Artificial Intelligence and Machine Learning:
AI (artificial intelligence) is the simulation of human intelligence processes by machines, especially computer systems. These processes include learning (the acquisition of information and rules for using the information), reasoning (using the rules to reach approximate or definite conclusions) and self-correction. Particular applications of AI include expert systems, speech recognition and machine vision. Machine learning (ML) is a type of artificial intelligence (AI) that allows software applications to become more accurate in predicting outcomes without being explicitly programmed. The basic premise of machine learning is to build algorithms that can receive input data and use statistical analysis to predict an output value within an acceptable range. Examples of machine learning algorithm include Artificial Neural Network (ANN), Support Vector Machines (SVM), Naive Bayes, K-Nearest Neighbors, K-Means Clustering, Random Forest and so on. Such algorithms can be applied to a diverse range of problems in the field of industrial and manufacturing engineering.
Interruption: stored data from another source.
Lemma hl_cubic_root_bounds (R : realFieldType) (s t c : R) : 2 <= s -> 0 < t -> t < s ->
  hl_cubic (s ^+ 2) t = 0 -> 0 < c -> 8 <= (1 - 2 * c) * s ->
  s - 1 - 1 / (2 * s) < t /\ t < s - 1 - c / s.
Proof.
move=> hs ht hts ft hc hd.
have sp : 0 < s by lra.
have hq : 2 <= s ^+ 2 by nra.
have c2 : c < 1 / 2 by nra.
have hL : 0 < s - 1 - 1 / (2 * s).
  have : 1 / (2 * s) <= 1 / 4 by rewrite ler_pdivrMr; nra.
  lra.
have hcs : c / s <= 1 / (2 * s).
  rewrite ler_pdivrMr // mulrAC ler_pdivlMr; nra.
have hcs0 : 0 < c / s by apply: divr_gt0.
split; rewrite ltNge; apply/negP.
- rewrite le_eqVlt => /orP[/eqP tE|htL].
    by have := hl_cubic_lower_gt0 hs; rewrite -tE ft ltxx.
  have := hl_cubic_decr hq sp (ltW ht) htL; have := hl_cubic_lower_gt0 hs.
  rewrite ft; lra.
- rewrite le_eqVlt => /orP[/eqP tE|hUt].
    by have := hl_cubic_upper_lt0 hs hc hd; rewrite tE ft ltxx.
  have hU0 : 0 <= s - 1 - c / s by lra.
  have := hl_cubic_decr hq sp hU0 hUt (ltW hts); have := hl_cubic_upper_lt0 hs hc hd.
  rewrite ft; lra.
Qed.

Lemma hl_cubic_root_asymptotics (R : archiRealFieldType) (eps : R) : 0 < eps ->
  exists n0 : nat, forall s t : R, n0%:R <= s -> 0 < t -> t < s ->
    hl_cubic (s ^+ 2) t = 0 ->
    s - 1 - 1 / (2 * s) < t /\ t < s - 1 - 1 / ((2 + eps) * s).
Proof.
move=> eps0; pose B := 8 * (2 + eps) / eps.
have B0 : 0 <= B by apply: divr_ge0; [apply: mulr_ge0; lra | lra].
exists (maxn (Num.Def.archi_bound B) 2) => s t sn0 t0 ts ft.
have s2 : 2 <= s by apply: le_trans sn0; rewrite (ler_nat _ 2); exact: leq_maxr.
have e2 : 2 + eps != 0 by rewrite gt_eqF //; lra.
pose c := 1 / (2 + eps).
have c0 : 0 < c by apply: divr_gt0; lra.
have hc : 1 - 2 * c = eps / (2 + eps) by rewrite /c; field.
have hd : 8 <= (1 - 2 * c) * s.
  have hcB : (1 - 2 * c) * B = 8 by rewrite hc /B; field; rewrite (gt_eqF eps0) e2.
  have BsR : B <= s.
    apply: le_trans (ltW (archi_boundP B0)) _; apply: le_trans sn0.
    by rewrite ler_nat; exact: leq_maxl.
  rewrite -hcB ler_wpM2l // hc; apply: divr_ge0; lra.
have [lo hi] := hl_cubic_root_bounds s2 t0 ts ft c0 hd.
have s0 : s != 0 by rewrite gt_eqF //; lra.
suff -> : 1 / ((2 + eps) * s) = c / s by [].
by rewrite /c; field; rewrite e2 s0.
Qed.

Lemma sum_indicator (R : pzSemiRingType) (T : finType) (p : pred T) :
  \sum_x ((p x)%:R : R) = #|[set x | p x]|%:R.
Proof.
rewrite cardsE -sum1_card natr_sum [RHS]big_mkcond /=; apply: eq_bigr => x _.
by rewrite unfold_in; case: (p x).
Qed.

Lemma sum_delta (R : pzSemiRingType) (T : finType) (F : T -> R) (b : T) :
  \sum_y F y * (y == b)%:R = F b.
Proof.
rewrite (bigD1 b) //= eqxx mulr1 big1 ?addr0 // => y /negPf ->; by rewrite mulr0.
Qed.

Lemma card_unique (T : finType) (p : pred T) :
  (exists! y, p y) -> #|[set y | p y]| = 1%N.
Proof.
case=> y0 [py0 uy0]; have -> : [set y | p y] = [set y0].
  by apply/setP => y; rewrite !inE; apply/idP/eqP => [/uy0 -> //|->].
by rewrite cards1.
Qed.

Section ProjectivePlane.
Variables (P L : finType) (inc : P -> L -> bool) (q : nat).
Hypothesis pp : projective_plane inc q.

Lemma point_degree x : \sum_y ((inc x y)%:R : algC) = q.+1%:R.
Proof. by case: pp => _ _ h _ _; rewrite sum_indicator h. Qed.

Lemma line_degree y : \sum_x ((inc x y)%:R : algC) = q.+1%:R.
Proof. by case: pp => _ h _ _ _; rewrite sum_indicator h. Qed.

Lemma points_common_lines x x' :
  \sum_y ((inc x y)%:R * (inc x' y)%:R : algC) = if x == x' then q.+1%:R else 1.
Proof.
have [<-|nx] := eqVneq x x'.
  rewrite -(point_degree x); apply: eq_bigr => y _.
  by case: (inc x y); rewrite ?mulr1 ?mulr0.
rewrite (eq_bigr (fun y => ((inc x y && inc x' y)%:R : algC))); last first.
  by move=> y _; case: (inc x y); case: (inc x' y); rewrite ?mulr1 ?mulr0.
by case: pp => _ _ _ h _; rewrite sum_indicator card_unique //; exact: h.
Qed.

Lemma lines_common_points y y' :
  \sum_x ((inc x y)%:R * (inc x y')%:R : algC) = if y == y' then q.+1%:R else 1.
Proof.
have [<-|ny] := eqVneq y y'.
  rewrite -(line_degree y); apply: eq_bigr => x _.
  by case: (inc x y); rewrite ?mulr1 ?mulr0.
rewrite (eq_bigr (fun x => ((inc x y && inc x y')%:R : algC))); last first.
  by move=> x _; case: (inc x y); case: (inc x y'); rewrite ?mulr1 ?mulr0.
by case: pp => _ _ _ _ h; rewrite sum_indicator card_unique //; exact: h.
Qed.

End ProjectivePlane.

(* The linear algebra behind the classification: from the two equations for
   h(a), h(b) produced by one and two applications of the eigen-equation,
   either D = +-E for D = z (c - qk), E = c (q + 1 - k), or all four
   quantities vanish. *)
Lemma two_vertex_system (F : numFieldType) (c z k q al be SP SL : F) :
  c * al = SP - k * al - k * z * be -> c * be = SL - k * be - k * z * al ->
  c * z * al = (q + 1) * SL - k * (q + 1) * be - k * z * al - k * c * be ->
  c * z * be = (q + 1) * SP - k * (q + 1) * al - k * z * be - k * c * al ->
  z * (c - q * k) = c * (q + 1 - k) \/ z * (c - q * k) = - (c * (q + 1 - k)) \/
  [/\ al = 0, be = 0, SP = 0 & SL = 0].
Proof.
move=> h1 h2 h3 h4; set D := z * (c - q * k); set E := c * (q + 1 - k).
have e1 : D * al = E * be.
  apply/eqP; rewrite -subr_eq0.
  have -> : D * al - E * be =
      (c * z * al - ((q + 1) * SL - k * (q + 1) * be - k * z * al - k * c * be))
      - (q + 1) * (c * be - (SL - k * be - k * z * al)) by rewrite /D /E; ring.
  by rewrite h3 h2 !subrr mulr0 subrr.
have e2 : D * be = E * al.
  apply/eqP; rewrite -subr_eq0.
  have -> : D * be - E * al =
      (c * z * be - ((q + 1) * SP - k * (q + 1) * al - k * z * be - k * c * al))
      - (q + 1) * (c * al - (SP - k * al - k * z * be)) by rewrite /D /E; ring.
  by rewrite h4 h1 !subrr mulr0 subrr.
have [DE|DnE] := eqVneq D E; first by left.
have [DmE|DnmE] := eqVneq D (- E); first by right; left.
right; right.
have /eqP s1 : (D - E) * (al + be) = 0 by rewrite mulrBl !mulrDr e1 e2; ring.
have /eqP s2 : (D + E) * (al - be) = 0 by rewrite mulrDl !mulrBr e1 e2; ring.
move: s1; rewrite mulf_eq0 subr_eq0 (negPf DnE) /= => /eqP s1.
move: s2; rewrite mulf_eq0 addr_eq0 (negPf DnmE) /= subr_eq0 => /eqP s2.
have al0 : al = 0.
  have /eqP : 2 * al = 0 by rewrite -s1 s2; ring.
  by rewrite mulf_eq0 pnatr_eq0 => /eqP.
have be0 : be = 0 by rewrite -s2.
by split => //; [move: h1 | move: h2]; rewrite al0 be0 !mulr0 !subr0.
Qed.

Definition edge_pair (T : eqType) (v0 v1 u w : T) : bool :=
  ((u == v0) && (w == v1)) || ((u == v1) && (w == v0)).

Definition eigenfun (V : finType) (W : V -> V -> algC) (z : algC) (h : V -> algC) :=
  forall w, \sum_u h u * W u w = z * h w.

(* The incidence graph with the weight of the edge ab changed from 1 to 1-k;
   k = 0 gives the graph itself and k = 2 the graph with ab negated, which
   are the two halves of the double switch. *)
Section ReweightedIncidence.
Variables (P L : finType) (inc : P -> L -> bool) (q : nat).
Hypothesis pp : projective_plane inc q.
Variables (a : P) (b : L).
Hypothesis hab : inc a b.

Definition reweighted (k : algC) (u w : P + L) : algC :=
  (incidence_graph inc u w)%:R - k * (edge_pair (inl a) (inr b) u w)%:R.

Lemma reweighted_point k (h : P + L -> algC) x :
  \sum_u h u * reweighted k u (inl x) =
  \sum_y h (inr y) * (inc x y)%:R - k * (x == a)%:R * h (inr b).
Proof.
rewrite big_sumType /= big1 ?add0r; last first.
  by move=> x' _; rewrite /reweighted /edge_pair /= -!sum_eqE /= andbF mulr0 subr0 mulr0.
rewrite /reweighted /edge_pair /=.
under eq_bigr => y _ do rewrite -!sum_eqE /= mulrBr.
rewrite sumrB; congr (_ - _).
rewrite -(sum_delta (fun y => k * (x == a)%:R * h (inr y)) b); apply: eq_bigr => y _.
by case: (y == b); case: (x == a) => /=; ring.
Qed.

Lemma reweighted_line k (h : P + L -> algC) y :
  \sum_u h u * reweighted k u (inr y) =
  \sum_x h (inl x) * (inc x y)%:R - k * (y == b)%:R * h (inl a).
Proof.
rewrite big_sumType /= [X in _ + X]big1 ?addr0; last first.
  by move=> y' _; rewrite /reweighted /edge_pair /= -!sum_eqE /= andbF !mulr0 subr0 mulr0.
rewrite /reweighted /edge_pair /=.
under eq_bigr => x _ do rewrite -!sum_eqE /= mulrBr.
rewrite sumrB; congr (_ - _).
rewrite -(sum_delta (fun x => k * (y == b)%:R * h (inl x)) a); apply: eq_bigr => x _.
by case: (y == b); case: (x == a) => /=; ring.
Qed.

(* Applying the eigen-equation twice and using the incidence identities: an
   eigenfunction h of the reweighted graph is determined, up to the sums of
   its values on points and on lines, by its two values h(a), h(b). *)
Lemma eigenfun_square_point k z h : eigenfun (reweighted k) z h ->
  forall x, (z ^+ 2 - q%:R) * h (inl x) =
    \sum_x' h (inl x') - k * (inc x b)%:R * h (inl a) - k * z * (x == a)%:R * h (inr b).
Proof.
move=> heig x.
have EP : z * h (inl x) = \sum_y h (inr y) * (inc x y)%:R - k * (x == a)%:R * h (inr b).
  by rewrite -reweighted_point heig.
have EL y : z * h (inr y) = \sum_x h (inl x) * (inc x y)%:R - k * (y == b)%:R * h (inl a).
  by rewrite -reweighted_line heig.
have S1 : \sum_y (z * h (inr y)) * (inc x y)%:R =
   \sum_x' h (inl x') * (if x' == x then q.+1%:R else 1) - k * (inc x b)%:R * h (inl a).
  under eq_bigr => y _ do rewrite EL mulrBl.
  rewrite sumrB; congr (_ - _).
    under eq_bigr => y _ do rewrite mulr_suml.
    rewrite exchange_big; apply: eq_bigr => x' _.
    rewrite -(points_common_lines pp x' x) mulr_sumr.
    by apply: eq_bigr => y _; ring.
  rewrite -(sum_delta (fun y => k * (inc x y)%:R * h (inl a)) b).
  by apply: eq_bigr => y _; ring.
have S2 : \sum_x' h (inl x') * (if x' == x then q.+1%:R else 1) =
          \sum_x' h (inl x') + q%:R * h (inl x).
  rewrite (bigD1 x) //= eqxx [in RHS](bigD1 x) //=.
  rewrite (eq_bigr (fun x' => h (inl x'))); last by move=> x' /negPf ->; rewrite mulr1.
  by rewrite -addn1 natrD; ring.
have -> : (z ^+ 2 - q%:R) * h (inl x) = z * (z * h (inl x)) - q%:R * h (inl x) by ring.
rewrite EP mulrBr mulr_sumr.
under eq_bigr => y _ do rewrite mulrA.
rewrite S1 S2; ring.
Qed.

Lemma eigenfun_square_line k z h : eigenfun (reweighted k) z h ->
  forall y, (z ^+ 2 - q%:R) * h (inr y) =
    \sum_y' h (inr y') - k * (inc a y)%:R * h (inr b) - k * z * (y == b)%:R * h (inl a).
Proof.
move=> heig y.
have EP x : z * h (inl x) = \sum_y h (inr y) * (inc x y)%:R - k * (x == a)%:R * h (inr b).
  by rewrite -reweighted_point heig.
have EL : z * h (inr y) = \sum_x h (inl x) * (inc x y)%:R - k * (y == b)%:R * h (inl a).
  by rewrite -reweighted_line heig.
have S1 : \sum_x (z * h (inl x)) * (inc x y)%:R =
   \sum_y' h (inr y') * (if y' == y then q.+1%:R else 1) - k * (inc a y)%:R * h (inr b).
  under eq_bigr => x _ do rewrite EP mulrBl.
  rewrite sumrB; congr (_ - _).
    under eq_bigr => x _ do rewrite mulr_suml.
    rewrite exchange_big; apply: eq_bigr => y' _.
    rewrite -(lines_common_points pp y' y) mulr_sumr.
    by apply: eq_bigr => x _; ring.
  rewrite -(sum_delta (fun x => k * (inc x y)%:R * h (inr b)) a).
  by apply: eq_bigr => x _; ring.
have S2 : \sum_y' h (inr y') * (if y' == y then q.+1%:R else 1) =
          \sum_y' h (inr y') + q%:R * h (inr y).
  rewrite (bigD1 y) //= eqxx [in RHS](bigD1 y) //=.
  rewrite (eq_bigr (fun y' => h (inr y'))); last by move=> y' /negPf ->; rewrite mulr1.
  by rewrite -addn1 natrD; ring.
have -> : (z ^+ 2 - q%:R) * h (inr y) = z * (z * h (inr y)) - q%:R * h (inr y) by ring.
rewrite EL mulrBr mulr_sumr.
under eq_bigr => x _ do rewrite mulrA.
rewrite S1 S2; ring.
Qed.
Ergonomics and Safety Management:
Ergonomics applies the knowledge of human capabilities and limitations to analysis, design and operation of products, services and systems. The properties of interest include anthropometric, physiological, and psychological factors that may impact human-technology interactions. The goals of ergonomics are to increase system performance, safety, and cost effectiveness and to improve the human experience with technology. Safety management is a comprehensive management system designed to manage safety elements in the workplace. It includes policy, objectives, plans, procedures, organization, responsibilities and other measures. It is used in industries that manage significant safety risks, including aviation, petroleum, chemical, electricity generation and others.
Prognostics and Health Management
Prognostics and health management (PHM) predicts the future health state of a system by analyzing the current condition of the system under its actual operating conditions using sensing technologies, physics of failure, machine learning, modern statistics, and reliability engineering, etc. PHM is regarded as an efficient and practical approach for improving the maintenance cycle, reducing the maintenance cost, and extending the overall lifetime through evidence-based scheduled maintenance strategies. There are three different approaches of prognostics available to assess the degradation or extent of deviation from the expected performance- model-based prognostics, data-driven prognostics, and hybrid approach prognostics. In model-based prognostics, a physical model of the system or degradation process of the system is available with mathematical description to estimate the output for some definite inputs. The data-driven prognostics approach deals with previously observed data by using pattern recognition and machine learning techniques to perform prognostification. The necessity of the hybrid approach prognostics arises when the degradation system becomes too complex to express it as a mathematical model, and sufficient observed data is not present and it is harder to recognize the pattern of the data. Several applications of prognostics in practical engineering systems include capacity degradation of batteries, wear in a revolute joint, fatigue crack growth in a panel, fatigue damage in gears and bearings, and more.